Argentina Closes Border to Foreigners, Tourists, and Citizens
Argentina is a mess. The country’s economy is in a free fall, Covid infections are on the rise, and the government has just spent $1,000,000 on wooden dildos. To make matters worse, the government’s response to the pandemic hasn’t been to get more vaccines, but instead to close the borders to tourists and even their own citizens. Their decision to solely work with Russia to deliver the Sputnik vaccine has caused delivery delays and people, including our own family members, missing their second doses due to supply shortages.
If you were to try and book a flight right now to Argentina, you are likely to be able to make the booking, but unless you have an Argentina passport, you will not be allowed entry.
Closed to Tourism
Just a couple of months ago, I was lucky enough to be able to go to Argentina because my husband Ben is a citizen. Without that link, I would not have been able to enter the country. Upon arrival I was subject to a test, quarantine, and a 9,500 peso “fine” for the luxury of traveling while foreign.
In the first week of July, Argentina announced that they would be reducing the number of international arrivals to only 600 PER DAY. That’s 600 people, from the entire planet, to enter the country each day.
The reason? The immigration officials need to only handle 1 flight every two-four hours in order to properly socially distance and assure that they aren’t overwhelmed.
As a consequence of that 600 person per day limit, the entry of foreigners of ANY nation for any reason is strictly forbidden.
If you don’t have an Argentine passport, you can’t come to the country.
If you have family members there, too bad.
If you have a long distance relationship, too bad.
If you need to go for business, too bad.
The country, trying to squash the outbreak of the Delta variant, has decided that complete isolation is the best way to go, completely ignoring the fact that the virus is already rampant in Argentina. The call is coming from INSIDE the house…
Closed to Argentine Nationals
While not explicitly saying that Argentine citizens cannot return to the country, limiting the daily arrivals to only 600 a day is a death knell for free movement. Recently, the government announced a slight increase in the number of people each week, but still the flights are being reduced.
- Delta Airlines is flying 2 days a week
- United Airlines is flying 4 days a week
- American Airlines is flying 6 days a week from Miami
- Aerolineas Argentinas is flying every day to Miami
This last bullet point is interesting, as the flag carrier, owned for and paid for by the government of Argentina, is allowed to fly daily to Argentina and the USA while other airlines are denied that access.
Europe isn’t any better, as the airlines are shutting down services quickly as well
- Lufthansa is flying 3 days a week
- Air France is flying 3 days a week (cancelled all flights until September)
- KLM is flying 3-4 days a week (cancelled all flights until September)
- Iberia is flying 4 days a week
- British Airlines has cancelled all flights
- Turkish is flying 1 day a week.
This is NOT normal
Argentina is a country of over 45,000,000 people, and all of these airlines were flying daily to the country. Now, with many airlines cancelling their service until September and many airlines dropping down to every other day service, flights for Argentine citizens stuck outside of the country are dwindling.

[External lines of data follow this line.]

(** * Improper integrals *)

Lemma is_RInt_gen_ext_eq {V : NormedModule R_AbsRing} {Fa Fb : (R -> Prop) -> Prop}
    {FFa : Filter Fa} {FFb : Filter Fb} (f g : R -> V) (l : V) :
  (forall x, f x = g x) -> is_RInt_gen f Fa Fb l -> is_RInt_gen g Fa Fb l.
Proof.
  intros Hfg. apply is_RInt_gen_ext.
  apply (Filter_prod _ _ _ (fun _ => True) (fun _ => True)); try apply filter_true.
  intros; apply Hfg.
Qed.

Section ImproperIntegrals.

Context {V : CompleteNormedModule R_AbsRing}.

Lemma is_RInt_gen_at_point_of_filterlim (f : R -> V) (a : R) (x : Rbar) (l : V) :
  Rbar_locally x (fun b => ex_RInt f a b) ->
  filterlim (fun b => RInt f a b) (Rbar_locally x) (locally l) ->
  is_RInt_gen f (at_point a) (Rbar_locally x) l.
Proof.
  intros Hex Hlim P HP.
  apply (Filter_prod _ _ _ (fun c => c = a) (fun b => ex_RInt f a b /\ P (RInt f a b))).
  - reflexivity.
  - apply filter_and; [exact Hex | exact (Hlim P HP)].
  - intros c b -> [Hab HPab]. exists (RInt f a b).
    split; [exact (RInt_correct f a b Hab) | exact HPab].
Qed.

Lemma filterlim_RInt_of_is_RInt_gen (f : R -> V) (a : R) (x : Rbar) (l : V) :
  is_RInt_gen f (at_point a) (Rbar_locally x) l ->
  filterlim (fun b => RInt f a b) (Rbar_locally x) (locally l).
Proof.
  intros H P HP. destruct (H P HP) as [Q S HQ HS HQS].
  unfold filtermap. apply filter_imp with S; [|exact HS].
  intros y Hy. destruct (HQS a y HQ Hy) as [v [Hv Pv]].
  simpl in Hv. now rewrite (is_RInt_unique _ _ _ _ Hv).
Qed.

Lemma norm_RInt_le_inv_square (f : R -> V) (K N b : R) :
  0 < N <= b -> ex_RInt f N b ->
  (forall x, N <= x <= b -> norm (f x) <= K / x ^ 2) ->
  norm (RInt f N b) <= K / N.
Proof.
  intros HNb Hex Hf.
  assert (HK : 0 <= K).
  { assert (H := Hf N (conj (Rle_refl N) (proj2 HNb))).
    assert (0 <= norm (f N)) by apply norm_ge_0.
    assert (0 < N ^ 2) by (apply pow_lt; lra).
    apply Rmult_le_reg_r with (/ N ^ 2); [apply Rinv_0_lt_compat; lra | unfold Rdiv in H; lra]. }
  assert (Hprim : is_RInt (fun x => K / x ^ 2) N b (K / N - K / b)).
  { replace (K / N - K / b) with (minus (- K / b) (- K / N))
      by (unfold minus, plus, opp; simpl; field; lra).
    apply (is_RInt_derive (V := R_CompleteNormedModule) (fun x => - K / x));
      intros x Hx; rewrite Rmin_left, Rmax_right in Hx by lra.
    - auto_derive; [lra | field; lra].
    - apply (ex_derive_continuous (V := R_NormedModule)). auto_derive. apply Rgt_not_eq. nra. }
  apply Rle_trans with (K / N - K / b).
  - exact (norm_RInt_le f _ N b _ _ (proj2 HNb) Hf (RInt_correct f N b Hex) Hprim).
  - assert (0 <= K / b) by (apply Rdiv_le_0_compat; lra). lra.
Qed.

Lemma ex_RInt_gen_inv_square_bound (f : R -> V) (a K : R) :
  0 < a -> (forall b, a <= b -> ex_RInt f a b) ->
  (forall x, a <= x -> norm (f x) <= K / x ^ 2) ->
  ex_RInt_gen f (at_point a) (Rbar_locally p_infty).
Proof.
  intros Ha Hex Hf.
  assert (Htail : forall N b, a <= N <= b -> norm (RInt f N b) <= Rabs K / N).
  { intros N b HN. apply norm_RInt_le_inv_square; [lra | |].
    - apply (ex_RInt_Chasles_2 f a); [lra | apply Hex; lra].
    - intros x Hx. apply Rle_trans with (K / x ^ 2); [apply Hf; lra |].
      apply Rmult_le_compat_r; [| apply Rle_abs].
      apply Rlt_le, Rinv_0_lt_compat, pow_lt. lra. }
  assert (Hshift : forall N b, a <= N <= b ->
    minus (RInt f a b) (RInt f a N) = RInt f N b).
  { intros N b HN.
    rewrite <- (RInt_Chasles f a N b);
      [| apply Hex; lra | apply (ex_RInt_Chasles_2 f a); [lra | apply Hex; lra]].
    unfold minus. rewrite plus_comm, plus_assoc, plus_opp_l, plus_zero_l. reflexivity. }
  destruct (proj1 (filterlim_locally_cauchy (F := Rbar_locally p_infty) (fun b => RInt f a b)))
    as [l Hl].
  - intros eps. pose proof (cond_pos eps) as Heps.
    set (N := a + 2 * Rabs K / eps).
    assert (HaN : a <= N).
    { assert (0 <= 2 * Rabs K / eps) by (apply Rdiv_le_0_compat; [pose proof (Rabs_pos K) |]; lra).
      unfold N. lra. }
    assert (HtailN : Rabs K / N < eps / 2).
    { apply Rmult_lt_reg_r with N; [lra |].
      replace (Rabs K / N * N) with (Rabs K) by (field; lra).
      replace (eps / 2 * N) with (a * eps / 2 + Rabs K) by (unfold N; field; lra).
      pose proof (Rmult_lt_0_compat a eps Ha Heps). lra. }
    assert (Hsmall : forall b, N <= b -> ball (RInt f a N) (eps / 2) (RInt f a b)).
    { intros b Hb. apply (norm_compat1 (V := V)). rewrite Hshift by lra.
      eapply Rle_lt_trans; [apply Htail; lra | exact HtailN]. }
    exists (fun b => N <= b). split; [exists N; intros; lra |].
    intros u v Hu Hv. replace (pos eps) with (eps / 2 + eps / 2) by field.
    apply ball_triangle with (RInt f a N); [apply ball_sym |]; auto.
  - exists l. apply (is_RInt_gen_at_point_of_filterlim f a p_infty);
      [exists a; intros; apply Hex; lra | exact Hl].
Qed.

Lemma RInt_even_opp_bound (f : R -> V) (b : R) :
  (forall x, f (- x) = f x) -> (forall b, ex_RInt f 0 b) ->
  RInt f 0 (- b) = opp (RInt f 0 b).
Proof.
  intros Hev Hex.
  rewrite <- (RInt_opp f 0 b (Hex b)).
  symmetry. apply (is_RInt_unique (V := V)).
  apply (is_RInt_ext (V := V) (fun y => opp (f (- y)))); [intros x _; now rewrite Hev |].
  apply (is_RInt_comp_opp (V := V)). rewrite Ropp_0. apply (RInt_correct (V := V)), Hex.
Qed.

Lemma is_RInt_gen_even (f : R -> V) (l : V) :
  (forall x, f (- x) = f x) -> (forall b, ex_RInt f 0 b) ->
  is_RInt_gen f (at_point 0) (Rbar_locally p_infty) l ->
  is_RInt_gen f (Rbar_locally m_infty) (Rbar_locally p_infty) (plus l l).
Proof.
  intros Hev Hex H.
  assert (Hneg : is_RInt_gen f (at_point 0) (Rbar_locally m_infty) (opp l)).
  { apply (is_RInt_gen_at_point_of_filterlim f 0 m_infty);
      [exists 0; intros; apply Hex |].
    apply (filterlim_ext (fun b => opp (RInt f 0 (- b)))).
    { intros b. rewrite (RInt_even_opp_bound f b Hev Hex). apply opp_opp. }
    apply filterlim_comp with (locally l); [| apply (filterlim_opp (V := V))].
    apply filterlim_comp with (Rbar_locally p_infty); [apply (filterlim_Rbar_opp m_infty) |].
    exact (filterlim_RInt_of_is_RInt_gen f 0 p_infty l H). }
  apply (is_RInt_gen_Chasles (V := V) (Fa := Rbar_locally m_infty) (Fc := Rbar_locally p_infty)
    f 0); [| exact H].
  rewrite <- (opp_opp l) at 1.
  exact (is_RInt_gen_swap (V := V) f _ Hneg).
Qed.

Mandatory quarantines are being enforced in government run hotels with exorbitant prices, all which line the pockets of local government officials. For example, as part of the government hotel quarantine program, the cost for four meals a day for a child under 12 is $220. Now, I don’t know about you, but I’ve never seen any child need TWO HUNDRED DOLLARS in food a day.
This is being instituted mostly as a penalty for those Argentines that have let the country, admittedly most in order to search for a vaccine in the United States.
It’s estimated that over 40,000 Argentine citizens are stuck outside of their country, so much so that websites have popped up for those stranded outside of the country’s borders to be put up in other’s houses, couch surfing style.
What’s the solution?
Yesterday, just in time for the elections (how convenient), the government has announced that they will stop buying exclusively from Russia and have entered in to an agreement with Pfizer to buy 20 million doses, enough to innoculate about 20% of the adult population.
Consistent, fast, free, and available vaccine availability along with local education is the way to combat the problem at hand. Limiting the entry of foreigners leads the fragile Argentine economy down an even more slippery slope. Also, subjecting their own citizens to crippling costs upon their return also limits the number of citizens that can leave the country in order to save their lives and get the vaccine.
The money exchange in the country has blown out of control in the past couple of weeks. Currently the black market rate for buying the US dollar is 80% higher than the official rate, and it won’t be going down until the country returns back to some sense of common sense and normalcy.
Argentina’s border closure is dangerous, both to their economy, but also their isolation on the world stage. Other countries are moving forward with vaccination exemptions and testing upon arrival, but few countries have downright stopped tourists from entering the country.
While the United States has limited entry from the EU Schengen zone, there are still ways for foreign tourists to enter the country.
Upping access to the vaccines will be a step in the right direction and hopefully allow this once great country to open itself to the rest of the world again.